_Information given:_
(* In the ACS setup of the context, with $M_k=\dfrac{|P_k\cap\mathcal{H}_0|}{1+|N^-_k|}$, one has $$\mathbb{E}\big[M_k\,\big|\,|P_k\cap\mathcal{H}_0|+|N^-_k|\big]\le\frac{m}{n-k+1},\qquad\text{hence}\qquad \mathbb{E}[M_k]\le\frac{m}{n-k+1}.$$
   Context: Setup. Let $n,m\ge 1$, $0\le k\le n$. For $i\in[n+m]$ let $X_i\in\mathcal{X}$, $Y_i\in\mathbb{R}$, $\mathcal{C}_i\subseteq\mathbb{R}$, with $\{(X_i,Y_i,\mathcal{C}_i)\}_{i}$ jointly exchangeable. $(A_1,\dots,A_{n+m})$ is uniform over binary vectors with exactly $n$ zeros and $m$ ones, independent of the data ($A_i=0$: labeled, $A_i=1$: test). $\mathcal{H}_0=\{i:A_i=1,Y_i\in\mathcal{C}_i\}$. $(\pi(1),\dots,\pi(k))$ is a uniformly random ordered choice of $k$ distinct indices from $\{i:A_i=0\}$, independent of all else; $U_k=[n+m]\setminus\{\pi(1),\dots,\pi(k)\}$, $N^-_k=\{i\in U_k:A_i=0,Y_i\in\mathcal{C}_i\}$, $P_k=\{i\in U_k:A_i=1\}$. *)

From HB Require Import structures.
From mathcomp Require Import all_boot all_order all_algebra all_fingroup.
From mathcomp Require Import all_classical all_reals all_analysis.
Set Implicit Arguments. Unset Strict Implicit. Unset Printing Implicit Defensive.
Import Order.TTheory GRing.Theory Num.Theory.
Local Open Scope classical_set_scope.
Local Open Scope ring_scope.

(* One data point (X_i, Y_i, C_i) lives in Xt * R * set R.
   inC t  <=>  Y_i \in C_i. *)
Definition inC {Xt : Type} {R : realType} (t : Xt * R * set R) : bool :=
  t.1.2 \in t.2.

Section ACS.
Variables (n m k : nat).
Local Notation N := (n + m)%N.

(* a i = true  <->  A_i = 1 (test point);  a i = false <-> A_i = 0 (labeled). *)
Definition valid_A (a : 'I_N -> bool) : bool := #|[pred i | ~~ a i]| == n.

(* p = (pi(1),...,pi(k)): an ordered choice of k distinct labeled indices. *)
Definition valid_pi (a : 'I_N -> bool) (p : 'I_k -> 'I_N) : bool :=
  injectiveb p && [forall j, ~~ a (p j)].

Definition removed (p : 'I_k -> 'I_N) : {set 'I_N} := [set p j | j : 'I_k].

(* z i = true <-> Y_i \in C_i *)
Definition H0set (a z : 'I_N -> bool) : {set 'I_N} := [set i | a i && z i].
Definition Nminus (a z : 'I_N -> bool) (p : 'I_k -> 'I_N) : {set 'I_N} :=
  [set i | (i \notin removed p) && ~~ a i && z i].
Definition Pset (a : 'I_N -> bool) (p : 'I_k -> 'I_N) : {set 'I_N} :=
  [set i | (i \notin removed p) && a i].

Definition acsS (a z : 'I_N -> bool) (p : 'I_k -> 'I_N) : nat :=
  (#|Pset a p :&: H0set a z| + #|Nminus a z p|)%N.

Definition acsM {R : realType} (a z : 'I_N -> bool) (p : 'I_k -> 'I_N) : R :=
  (#|Pset a p :&: H0set a z|)%:R / (1 + #|Nminus a z p|)%N%:R.

End ACS.

Definition data_event {Om Xt : Type} {R : realType} {N : nat}
  (X : 'I_N -> Om -> Xt) (Y : 'I_N -> Om -> R) (C : 'I_N -> Om -> set R)
  (B : 'I_N -> set (Xt * R * set R)) : set Om :=
  \bigcap_i [set w | B i (X i w, Y i w, C i w)].

(* Joint exchangeability of {(X_i,Y_i,C_i)}_i w.r.t. the sigma-algebra G on
   the space of triples: the joint law is invariant under every permutation
   of indices (checked on measurable rectangles, which generate the product
   sigma-algebra). *)
Definition exchangeable {d} {Om : measurableType d} {Xt : Type} {R : realType}
  {N : nat} (P : probability Om R) (G : set (set (Xt * R * set R)))
  (X : 'I_N -> Om -> Xt) (Y : 'I_N -> Om -> R) (C : 'I_N -> Om -> set R) :=
  forall (s : 'S_N) (B : 'I_N -> set (Xt * R * set R)),
    (forall i, G (B i)) ->
    P (data_event (fun i => X (s i)) (fun i => Y (s i)) (fun i => C (s i)) B)
    = P (data_event X Y C B).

_Work instruction:_ The answer must hold only the lines from the first line of the data through the line bearing "Local Open Scope ring_scope.", returned exactly.

_Written answer:_
(* In the ACS setup of the context, with $M_k=\dfrac{|P_k\cap\mathcal{H}_0|}{1+|N^-_k|}$, one has $$\mathbb{E}\big[M_k\,\big|\,|P_k\cap\mathcal{H}_0|+|N^-_k|\big]\le\frac{m}{n-k+1},\qquad\text{hence}\qquad \mathbb{E}[M_k]\le\frac{m}{n-k+1}.$$
   Context: Setup. Let $n,m\ge 1$, $0\le k\le n$. For $i\in[n+m]$ let $X_i\in\mathcal{X}$, $Y_i\in\mathbb{R}$, $\mathcal{C}_i\subseteq\mathbb{R}$, with $\{(X_i,Y_i,\mathcal{C}_i)\}_{i}$ jointly exchangeable. $(A_1,\dots,A_{n+m})$ is uniform over binary vectors with exactly $n$ zeros and $m$ ones, independent of the data ($A_i=0$: labeled, $A_i=1$: test). $\mathcal{H}_0=\{i:A_i=1,Y_i\in\mathcal{C}_i\}$. $(\pi(1),\dots,\pi(k))$ is a uniformly random ordered choice of $k$ distinct indices from $\{i:A_i=0\}$, independent of all else; $U_k=[n+m]\setminus\{\pi(1),\dots,\pi(k)\}$, $N^-_k=\{i\in U_k:A_i=0,Y_i\in\mathcal{C}_i\}$, $P_k=\{i\in U_k:A_i=1\}$. *)

From HB Require Import structures.
From mathcomp Require Import all_boot all_order all_algebra all_fingroup.
From mathcomp Require Import all_classical all_reals all_analysis.
Set Implicit Arguments. Unset Strict Implicit. Unset Printing Implicit Defensive.
Import Order.TTheory GRing.Theory Num.Theory.
Local Open Scope classical_set_scope.
Local Open Scope ring_scope.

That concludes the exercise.